Combine into one operation.

In [202]:
prod_pk_psi_1 = (X * psi_1.T)
prod_pk_psi_1[prod_pk_psi_1 == 0] = 1

prod_pk_psi_1 = np.log(prod_pk_psi_1)
prod_pk_psi_1[prod_pk_psi_1 == 0] = 1

n1 = prod_pk_psi_1.prod(axis=3).prod(axis=2)
n1.shape

(357, 38)

In [211]:
prod_pk_psi_0 = (X * psi_0.T)
prod_pk_psi_0[prod_pk_psi_0 == 0] = 1

prod_pk_psi_0 = np.log(prod_pk_psi_0)
prod_pk_psi_0[prod_pk_psi_0 == 0] = 1
n2 = prod_pk_psi_0.prod(axis=3).prod(axis=2)
n2.shape

(357, 38)

In [206]:
prod_pk_psi_0

array([[[[-1.68987363,  1.        ,  1.        ,  1.        ],
         [ 1.        , -3.27685747,  1.        ,  1.        ],
         [-2.80740439,  1.        ,  1.        ,  1.        ],
         ...,
         [ 1.        ,  1.        ,  1.        , -1.48378766],
         [ 1.        ,  1.        ,  1.        , -2.86825398],
         [ 1.        , -1.29040552,  1.        ,  1.        ]],

        [[ 1.        , -2.98937012,  1.        ,  1.        ],
         [-2.2188133 ,  1.        ,  1.        ,  1.        ],
         [ 1.        ,  1.        ,  1.        , -1.27827188],
         ...,
         [ 1.        ,  1.        ,  1.        , -1.48378766],
         [ 1.        , -2.25069662,  1.        ,  1.        ],
         [ 1.        ,  1.        , -1.65146286,  1.        ]],

        [[-1.68987363,  1.        ,  1.        ,  1.        ],
         [ 1.        ,  1.        ,  1.        , -3.09299619],
         [ 1.        ,  1.        ,  1.        , -1.27827188],
         ...,
         

## M step

Quon says $\boldsymbol{E}[C_{i,j}] = P(C_{i} = j | X_{i}, \theta)$

He also gives what $\boldsymbol{E}[C_{i,j}] = P(C_{i} = j | X_{i}, \theta)$ equals to in the E step (shown in the image below.)

![](e.png)

### $\lambda_{j}$

Take sum of all values at each index $i$ over vector $C_{i, j}$ which would store prob each $j$ (each motif) being the transcription factor binding site and divide this value by the number of sequences $N$.
- Would this not always just sum to 1? And therefore $\lambda_{j}$ is basically fixed at 1 over the number of sequences?

### $\psi^{1}_{p, k}$

- How does taking a sum over $i$ for $C_{i, j}$look compared to taking a sum over $i$ and $j$?
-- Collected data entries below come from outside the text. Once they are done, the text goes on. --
(* Consider the two first-order partial differential equations, depending on a small parameter $\epsilon>0$, for positive unknowns $v(x,s)$ and $u(x,s)$: $$v_s+\frac{\epsilon}{2}vv_x-\frac12 v^2=0,\qquad 2u_s+\frac{\epsilon}{2}u(u_s+u_x)=0 .$$ Then both equations belong to $\mathbf{PDE}_2^{\infty}$ and are approximable in the class $(M,c,L,k,D)=(20,2,1,2,1)$, and they are mutually related in $\sim_{\infty}^{e^e}$ in the class $(M,c,D,L;\alpha)=(40,4,1,2;1)$.
   Context: Approximation by discrete dynamics. Let $f=k/h$ be a rational function of $n$ variables ($k,h$ polynomials). An evolutional discrete dynamics is a recursion $z_{N+1}^{t+1}=f(z_{N-l_0}^{t+1},\dots,z_N^{t+1},z_{N-l_1}^t,\dots,z_{N+k_1}^t,\dots,z_{N-l_{d+1}}^{t-d},\dots,z_{N+k_{d+1}}^{t-d})$ with integers $l_i,k_j\ge 0$, $d\ge0$; it is consistent if $k_1,\dots,k_{d+1}\le 1$. Approximation data consist of this choice of arguments together with integers $(m,p,q)$. One substitutes $z_N^t=\epsilon^m u(x,s)$, $x=\epsilon^pN$, $s=\epsilon^q t$ for a positive $C^{\alpha+1}$ function $u$, expands each shifted value $u(x+i\epsilon^p,s+j\epsilon^q)$ by Taylor's formula up to order $\alpha$ with remainder given by the $(\alpha+1)$-th order derivatives at intermediate points $\xi_{ij}$, writes $z_{N+1}^{t+1}-f(\cdots)$ as a fraction with denominator $h(\epsilon^m u(x-l_0\epsilon^p,s+\epsilon^q),\dots)$, and splits the numerator as $\epsilon^m P(\epsilon,u,u_x,u_s,\dots,u_{\alpha s})+\epsilon^{m+1}Q(\dots)$, where $P$ collects the monomials containing only derivatives of order $\le\alpha$ and every monomial of $Q$ contains an $(\alpha+1)$-th order derivative at an intermediate point. Put $\mathbf F=P/h$, $\mathbf F^1=Q/h$, so $z_{N+1}^{t+1}-f(\cdots)=\epsilon^m\mathbf F+\epsilon^{m+1}\mathbf F^1$. A PDE $P(\epsilon,u,\dots,u_{\alpha s})=0$ of order $\alpha$ is in $\mathbf{PDE}_2^{\infty}$ if it arises this way with $h>0$ and there is a constant $C\ge0$ with $|\mathbf F^1|\le C(|u_{(\alpha+1)x}(\xi_{\alpha+1,0})|+\dots+|u_{(\alpha+1)s}(\xi_{0,\alpha+1})|)$ pointwise; it is in $\mathbf{PDE}_2^{fin}$ if moreover the dynamics is consistent. From the data set $l=\max(l_0,\dots,l_{d+1})$, $L=\max(l,d)$, $D=\max(p,q)$, $k=\max(k_1,\dots,k_{d+1})$. Tropical constants. A relatively elementary function is $f_t(\bar z)=\sum_{k=1}^m t^{\alpha_k}\bar z^{\bar a_k}/\sum_{k=1}^{l'} t^{\beta_k}\bar z^{\bar b_k}$ ($\bar z\in\mathbb R^n_{>0}$, $\bar a_k,\bar b_k\in\mathbb Z^n$, $\alpha_k,\beta_k\in\mathbb R$); its $(\max,+)$-function is $\varphi(\bar x)=\max_k(\alpha_k+\bar a_k\cdot\bar x)-\max_k(\beta_k+\bar b_k\cdot\bar x)$. $M_f=ml'$ is the number of components and $c_f\ge1$ the Lipschitz constant of $\varphi$. A PDE in $\mathbf{PDE}_2^*$ is approximable in the class $(M,c,L,k,D)$ if it is induced from some such dynamics with relatively elementary $f$ and approximation data whose constants $M_f,c_f,L,k,D$ are respectively $\le M,c,L,k,D$. Relatedness. For positive $u,v:(0,A_0)\times[0,T_0)\to(0,\infty)$, $A_0,T_0\in(0,\infty]$, and $0<\epsilon<1$, the initial rate is $[u:v]_\epsilon=\sup\max(u/v,v/u)$ over $(x,s)\in(0,A_0)\times[0,\epsilon]\cup(0,\epsilon]\times[0,T_0)$. For $u\in C^{\alpha+1}$, $\|u\|_{\alpha+1}$ is the maximum over all $(\alpha+1)$-fold partial derivatives (each in $\partial_x$ or $\partial_s$) of their sup norms on the domain, and $K_{\alpha+1}(u)=\|u\|_{\alpha+1}/\inf u$. For $*\in\{fin,\infty\}$, solutions are taken on domains $(0,A_0)\times[0,T_0)$ with $A_0,T_0\in(0,\infty]$ ($A_0=\infty$ if $*=\infty$). Two PDEs $P,Q$ of order $\alpha$ are related in $\sim_*^{e^e}$ in the class $(M,c,D,L;\alpha)$ ($M,c,D,L\ge1$) if there are constants $C,C'$ such that for every such domain, every $\epsilon$ and every pair of positive $C^{\alpha+1}$ solutions $u$ of $P$ and $v$ of $Q$ (with parameter $\epsilon$), if $0<L\epsilon\le\min(\frac{1}{CK},A_0,T_0,C')$ with $K=\max(K_{\alpha+1}(u),K_{\alpha+1}(v))$, then for all $(x,s)$ in the domain $\max(u/v,v/u)(x,s)\le M^{c^{\epsilon^{-D}(x+s+1)}}([u:v]_{L\epsilon})^{c^{\epsilon^{-D}(x+s+1)}}$. *)

(* concrete reals R. All definitions are specialised to
   first-order PDEs (alpha = 1), which is the only case the statement uses. *)
From Stdlib Require Import Reals Lra ZArith List.
Import ListNotations.
Open Scope R_scope.

Definition poly := list (R * list nat).
Fixpoint mon (e : list nat) (z : list R) : R :=
  match e, z with
  | e0 :: e', z0 :: z' => z0 ^ e0 * mon e' z'
  | _, _ => 1
  end.
Definition peval (P : poly) (z : list R) : R :=
  fold_right (fun c acc => fst c * mon (snd c) z + acc) 0 P.

(* z_{N+1}^{t+1} = f(z_{N-l0}^{t+1},..,z_N^{t+1}, z_{N-l_1}^t,..,z_{N+k_1}^t, ...,
                     z_{N-l_{d+1}}^{t-d},..,z_{N+k_{d+1}}^{t-d}),  f = k/h;
   only the values ls i, ks i for 1 <= i <= d+1 matter. *)
Record dyn := Dyn {
  dl0 : nat; dd : nat; dls : nat -> nat; dks : nat -> nat;
  dk : poly; dh : poly;
  dm : Z; dp : Z; dq : Z
}.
Product of indicator variables for a given motif (For example the matrix at `X[0][0]`) and the expectation at that motif calculated during the E step. Then take a sum overall all those values and divide by the number of sequences.

### $\psi^{0}_{p, k}$

Seems pretty much like other $\psi$ but add some subtractions and change the denominator to the number of sequences times the number of possible motifs.